§ **TASK STATEMENT**: Each line starting at the one that contains "unfold Rmin; destruct" and ending at the one that contains "Proof. intros [Hlt" must be returned exactly, and the rest of the listing is left out.

§ **INPUT DATA**:

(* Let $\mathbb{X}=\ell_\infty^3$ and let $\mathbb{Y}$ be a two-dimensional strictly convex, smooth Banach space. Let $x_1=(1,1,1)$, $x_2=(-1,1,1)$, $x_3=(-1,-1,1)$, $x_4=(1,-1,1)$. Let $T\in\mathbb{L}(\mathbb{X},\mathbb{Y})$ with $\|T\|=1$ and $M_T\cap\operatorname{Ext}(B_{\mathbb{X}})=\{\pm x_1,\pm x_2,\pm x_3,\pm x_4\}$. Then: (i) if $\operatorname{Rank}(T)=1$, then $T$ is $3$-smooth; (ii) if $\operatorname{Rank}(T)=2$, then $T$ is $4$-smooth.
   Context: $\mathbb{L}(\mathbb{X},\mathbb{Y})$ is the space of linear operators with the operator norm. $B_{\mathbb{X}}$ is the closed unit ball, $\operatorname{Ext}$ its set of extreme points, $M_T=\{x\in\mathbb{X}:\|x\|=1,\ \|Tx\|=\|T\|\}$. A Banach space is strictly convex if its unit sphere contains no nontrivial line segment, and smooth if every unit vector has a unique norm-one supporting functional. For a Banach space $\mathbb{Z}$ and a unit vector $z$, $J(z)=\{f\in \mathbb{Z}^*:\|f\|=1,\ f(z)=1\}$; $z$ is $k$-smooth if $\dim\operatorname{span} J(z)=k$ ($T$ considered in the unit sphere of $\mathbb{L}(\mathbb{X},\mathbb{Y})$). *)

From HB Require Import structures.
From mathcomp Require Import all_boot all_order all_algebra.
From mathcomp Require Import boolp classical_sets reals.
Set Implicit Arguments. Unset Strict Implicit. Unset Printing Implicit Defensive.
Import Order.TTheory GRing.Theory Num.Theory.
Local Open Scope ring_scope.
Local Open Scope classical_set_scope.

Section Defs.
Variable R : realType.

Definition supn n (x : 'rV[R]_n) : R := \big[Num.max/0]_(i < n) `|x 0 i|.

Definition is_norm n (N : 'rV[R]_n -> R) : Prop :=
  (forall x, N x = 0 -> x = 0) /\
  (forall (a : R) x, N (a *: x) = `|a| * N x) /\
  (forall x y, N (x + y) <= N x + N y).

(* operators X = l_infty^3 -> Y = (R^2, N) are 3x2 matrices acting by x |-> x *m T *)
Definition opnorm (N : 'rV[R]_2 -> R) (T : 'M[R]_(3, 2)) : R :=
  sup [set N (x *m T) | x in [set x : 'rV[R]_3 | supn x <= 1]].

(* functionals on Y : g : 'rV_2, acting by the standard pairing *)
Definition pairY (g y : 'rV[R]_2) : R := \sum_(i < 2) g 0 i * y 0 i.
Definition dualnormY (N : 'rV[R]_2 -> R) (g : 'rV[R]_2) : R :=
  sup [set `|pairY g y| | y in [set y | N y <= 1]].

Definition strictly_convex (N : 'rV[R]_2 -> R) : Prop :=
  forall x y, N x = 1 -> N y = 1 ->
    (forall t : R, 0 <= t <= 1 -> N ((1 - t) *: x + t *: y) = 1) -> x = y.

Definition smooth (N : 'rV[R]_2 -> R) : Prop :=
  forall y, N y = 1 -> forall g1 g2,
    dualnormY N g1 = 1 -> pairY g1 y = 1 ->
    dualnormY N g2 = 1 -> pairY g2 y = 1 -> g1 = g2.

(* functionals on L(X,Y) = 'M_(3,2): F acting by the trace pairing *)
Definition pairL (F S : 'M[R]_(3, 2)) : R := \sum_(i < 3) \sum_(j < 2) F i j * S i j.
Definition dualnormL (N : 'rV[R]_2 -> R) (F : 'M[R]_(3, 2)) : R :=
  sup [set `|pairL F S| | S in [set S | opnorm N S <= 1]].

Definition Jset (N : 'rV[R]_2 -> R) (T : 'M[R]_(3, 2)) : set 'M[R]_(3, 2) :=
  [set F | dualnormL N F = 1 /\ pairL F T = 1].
...
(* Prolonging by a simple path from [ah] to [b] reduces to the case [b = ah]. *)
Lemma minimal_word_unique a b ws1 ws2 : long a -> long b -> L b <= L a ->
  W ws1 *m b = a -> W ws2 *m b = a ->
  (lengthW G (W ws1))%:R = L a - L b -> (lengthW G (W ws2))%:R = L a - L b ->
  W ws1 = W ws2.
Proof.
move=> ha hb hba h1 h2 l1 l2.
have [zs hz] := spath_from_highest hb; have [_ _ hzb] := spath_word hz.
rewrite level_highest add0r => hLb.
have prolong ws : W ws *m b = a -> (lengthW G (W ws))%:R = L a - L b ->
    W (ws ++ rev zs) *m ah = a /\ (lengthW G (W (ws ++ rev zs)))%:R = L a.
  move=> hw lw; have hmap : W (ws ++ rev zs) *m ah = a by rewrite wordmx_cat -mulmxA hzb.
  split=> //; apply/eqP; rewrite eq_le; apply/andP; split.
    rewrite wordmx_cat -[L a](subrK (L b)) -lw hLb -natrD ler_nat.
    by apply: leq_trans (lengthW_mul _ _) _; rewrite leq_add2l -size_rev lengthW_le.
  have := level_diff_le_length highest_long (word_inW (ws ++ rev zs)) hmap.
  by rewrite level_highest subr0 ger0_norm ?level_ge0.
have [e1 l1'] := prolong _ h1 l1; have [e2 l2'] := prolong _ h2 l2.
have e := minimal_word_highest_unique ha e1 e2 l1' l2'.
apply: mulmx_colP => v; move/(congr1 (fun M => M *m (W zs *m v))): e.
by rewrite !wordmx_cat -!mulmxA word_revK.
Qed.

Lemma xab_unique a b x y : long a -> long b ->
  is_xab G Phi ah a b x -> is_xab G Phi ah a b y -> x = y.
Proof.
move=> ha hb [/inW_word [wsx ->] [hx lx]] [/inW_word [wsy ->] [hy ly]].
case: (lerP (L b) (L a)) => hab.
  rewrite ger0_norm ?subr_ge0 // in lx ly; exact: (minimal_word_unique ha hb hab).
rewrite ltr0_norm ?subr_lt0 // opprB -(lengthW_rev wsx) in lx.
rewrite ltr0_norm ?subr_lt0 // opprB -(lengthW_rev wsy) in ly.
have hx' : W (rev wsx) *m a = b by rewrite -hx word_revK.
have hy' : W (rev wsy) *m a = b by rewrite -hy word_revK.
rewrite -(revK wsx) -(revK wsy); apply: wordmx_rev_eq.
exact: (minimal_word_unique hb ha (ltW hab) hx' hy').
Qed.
==
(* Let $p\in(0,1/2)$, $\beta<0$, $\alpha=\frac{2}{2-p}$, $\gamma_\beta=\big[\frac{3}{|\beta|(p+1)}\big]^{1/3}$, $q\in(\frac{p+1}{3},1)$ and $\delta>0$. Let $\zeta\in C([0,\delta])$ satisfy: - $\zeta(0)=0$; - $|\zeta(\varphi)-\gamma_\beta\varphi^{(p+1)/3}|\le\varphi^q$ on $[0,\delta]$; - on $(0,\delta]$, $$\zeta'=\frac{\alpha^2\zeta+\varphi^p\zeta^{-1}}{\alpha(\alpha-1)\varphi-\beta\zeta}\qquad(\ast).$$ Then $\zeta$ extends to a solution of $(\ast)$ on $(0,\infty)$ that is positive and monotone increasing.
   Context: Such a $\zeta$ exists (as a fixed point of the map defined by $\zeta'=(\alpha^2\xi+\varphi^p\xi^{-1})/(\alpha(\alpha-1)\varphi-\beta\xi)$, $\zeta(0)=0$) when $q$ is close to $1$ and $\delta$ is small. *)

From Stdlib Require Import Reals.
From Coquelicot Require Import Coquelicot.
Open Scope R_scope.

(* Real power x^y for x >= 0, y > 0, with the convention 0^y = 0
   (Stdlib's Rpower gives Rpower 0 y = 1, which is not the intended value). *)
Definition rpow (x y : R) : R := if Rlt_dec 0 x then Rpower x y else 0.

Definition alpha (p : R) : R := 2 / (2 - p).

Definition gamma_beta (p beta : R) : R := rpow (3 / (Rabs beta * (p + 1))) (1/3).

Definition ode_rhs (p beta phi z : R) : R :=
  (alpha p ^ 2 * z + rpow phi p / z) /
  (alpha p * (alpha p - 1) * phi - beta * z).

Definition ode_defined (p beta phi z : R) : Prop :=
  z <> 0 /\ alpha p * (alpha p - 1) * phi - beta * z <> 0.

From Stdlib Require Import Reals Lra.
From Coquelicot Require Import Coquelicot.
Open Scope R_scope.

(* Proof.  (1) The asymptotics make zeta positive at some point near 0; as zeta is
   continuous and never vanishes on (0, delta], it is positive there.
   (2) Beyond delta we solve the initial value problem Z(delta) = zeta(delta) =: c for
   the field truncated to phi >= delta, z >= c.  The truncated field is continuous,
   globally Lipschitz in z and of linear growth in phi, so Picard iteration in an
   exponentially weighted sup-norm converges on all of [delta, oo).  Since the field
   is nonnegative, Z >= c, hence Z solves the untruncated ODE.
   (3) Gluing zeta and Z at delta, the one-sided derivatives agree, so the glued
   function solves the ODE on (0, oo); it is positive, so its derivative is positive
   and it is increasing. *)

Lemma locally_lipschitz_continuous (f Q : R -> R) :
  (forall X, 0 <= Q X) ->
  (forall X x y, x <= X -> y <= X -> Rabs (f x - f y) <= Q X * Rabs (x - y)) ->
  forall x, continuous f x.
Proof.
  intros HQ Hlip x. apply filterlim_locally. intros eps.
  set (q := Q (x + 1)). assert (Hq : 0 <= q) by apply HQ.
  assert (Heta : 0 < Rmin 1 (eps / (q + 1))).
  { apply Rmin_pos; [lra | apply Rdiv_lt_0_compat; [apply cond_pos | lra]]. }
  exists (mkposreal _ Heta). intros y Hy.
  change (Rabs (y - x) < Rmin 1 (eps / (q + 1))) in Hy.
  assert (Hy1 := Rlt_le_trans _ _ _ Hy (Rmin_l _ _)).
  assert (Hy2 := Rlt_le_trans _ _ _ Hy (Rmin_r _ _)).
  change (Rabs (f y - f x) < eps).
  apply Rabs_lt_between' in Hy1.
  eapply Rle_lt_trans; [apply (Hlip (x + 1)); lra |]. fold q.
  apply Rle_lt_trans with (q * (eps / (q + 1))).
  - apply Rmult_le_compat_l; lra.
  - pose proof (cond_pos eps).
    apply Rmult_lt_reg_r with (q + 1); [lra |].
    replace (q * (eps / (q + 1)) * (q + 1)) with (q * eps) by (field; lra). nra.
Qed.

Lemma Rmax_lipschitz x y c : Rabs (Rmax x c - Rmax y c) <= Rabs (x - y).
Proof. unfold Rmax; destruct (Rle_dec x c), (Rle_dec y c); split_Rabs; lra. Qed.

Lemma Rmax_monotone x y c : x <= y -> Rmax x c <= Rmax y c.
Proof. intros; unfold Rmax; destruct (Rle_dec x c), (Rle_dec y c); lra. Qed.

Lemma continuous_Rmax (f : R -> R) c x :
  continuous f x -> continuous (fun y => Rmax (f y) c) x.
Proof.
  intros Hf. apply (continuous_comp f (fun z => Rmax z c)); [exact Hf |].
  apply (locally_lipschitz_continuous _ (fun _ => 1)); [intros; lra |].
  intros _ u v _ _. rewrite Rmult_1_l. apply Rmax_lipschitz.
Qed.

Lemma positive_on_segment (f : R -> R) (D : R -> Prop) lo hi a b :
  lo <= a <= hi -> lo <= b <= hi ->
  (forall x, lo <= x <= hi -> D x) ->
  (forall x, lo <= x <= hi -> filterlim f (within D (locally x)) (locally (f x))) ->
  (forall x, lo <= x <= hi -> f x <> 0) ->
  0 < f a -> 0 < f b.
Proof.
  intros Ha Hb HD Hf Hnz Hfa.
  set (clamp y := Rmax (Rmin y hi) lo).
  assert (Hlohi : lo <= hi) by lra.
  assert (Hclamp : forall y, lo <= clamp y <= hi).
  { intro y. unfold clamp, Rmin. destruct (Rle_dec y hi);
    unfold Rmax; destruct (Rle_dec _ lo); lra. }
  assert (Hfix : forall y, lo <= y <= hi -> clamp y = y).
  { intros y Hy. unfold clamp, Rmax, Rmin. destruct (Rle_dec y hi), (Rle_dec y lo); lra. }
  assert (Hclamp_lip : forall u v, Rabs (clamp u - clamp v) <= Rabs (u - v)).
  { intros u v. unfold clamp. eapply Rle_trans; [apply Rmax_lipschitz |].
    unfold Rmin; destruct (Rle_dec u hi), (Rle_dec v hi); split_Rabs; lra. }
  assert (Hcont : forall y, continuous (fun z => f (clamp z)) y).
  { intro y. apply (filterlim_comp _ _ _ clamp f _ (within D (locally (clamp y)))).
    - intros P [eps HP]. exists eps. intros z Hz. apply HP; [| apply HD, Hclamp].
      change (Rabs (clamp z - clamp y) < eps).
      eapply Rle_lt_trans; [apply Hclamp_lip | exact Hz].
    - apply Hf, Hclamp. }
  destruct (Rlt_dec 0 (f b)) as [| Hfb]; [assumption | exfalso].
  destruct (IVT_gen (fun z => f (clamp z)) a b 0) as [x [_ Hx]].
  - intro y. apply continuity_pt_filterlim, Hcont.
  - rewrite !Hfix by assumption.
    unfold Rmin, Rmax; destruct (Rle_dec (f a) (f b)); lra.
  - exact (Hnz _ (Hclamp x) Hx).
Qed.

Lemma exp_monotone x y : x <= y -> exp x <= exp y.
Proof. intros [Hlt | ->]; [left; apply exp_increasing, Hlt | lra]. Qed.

§ **EXPECTED OUTPUT**:
    unfold Rmin; destruct (Rle_dec u hi), (Rle_dec v hi); split_Rabs; lra. }
  assert (Hcont : forall y, continuous (fun z => f (clamp z)) y).
  { intro y. apply (filterlim_comp _ _ _ clamp f _ (within D (locally (clamp y)))).
    - intros P [eps HP]. exists eps. intros z Hz. apply HP; [| apply HD, Hclamp].
      change (Rabs (clamp z - clamp y) < eps).
      eapply Rle_lt_trans; [apply Hclamp_lip | exact Hz].
    - apply Hf, Hclamp. }
  destruct (Rlt_dec 0 (f b)) as [| Hfb]; [assumption | exfalso].
  destruct (IVT_gen (fun z => f (clamp z)) a b 0) as [x [_ Hx]].
  - intro y. apply continuity_pt_filterlim, Hcont.
  - rewrite !Hfix by assumption.
    unfold Rmin, Rmax; destruct (Rle_dec (f a) (f b)); lra.
  - exact (Hnz _ (Hclamp x) Hx).
Qed.

Lemma exp_monotone x y : x <= y -> exp x <= exp y.
Proof. intros [Hlt | ->]; [left; apply exp_increasing, Hlt | lra]. Qed.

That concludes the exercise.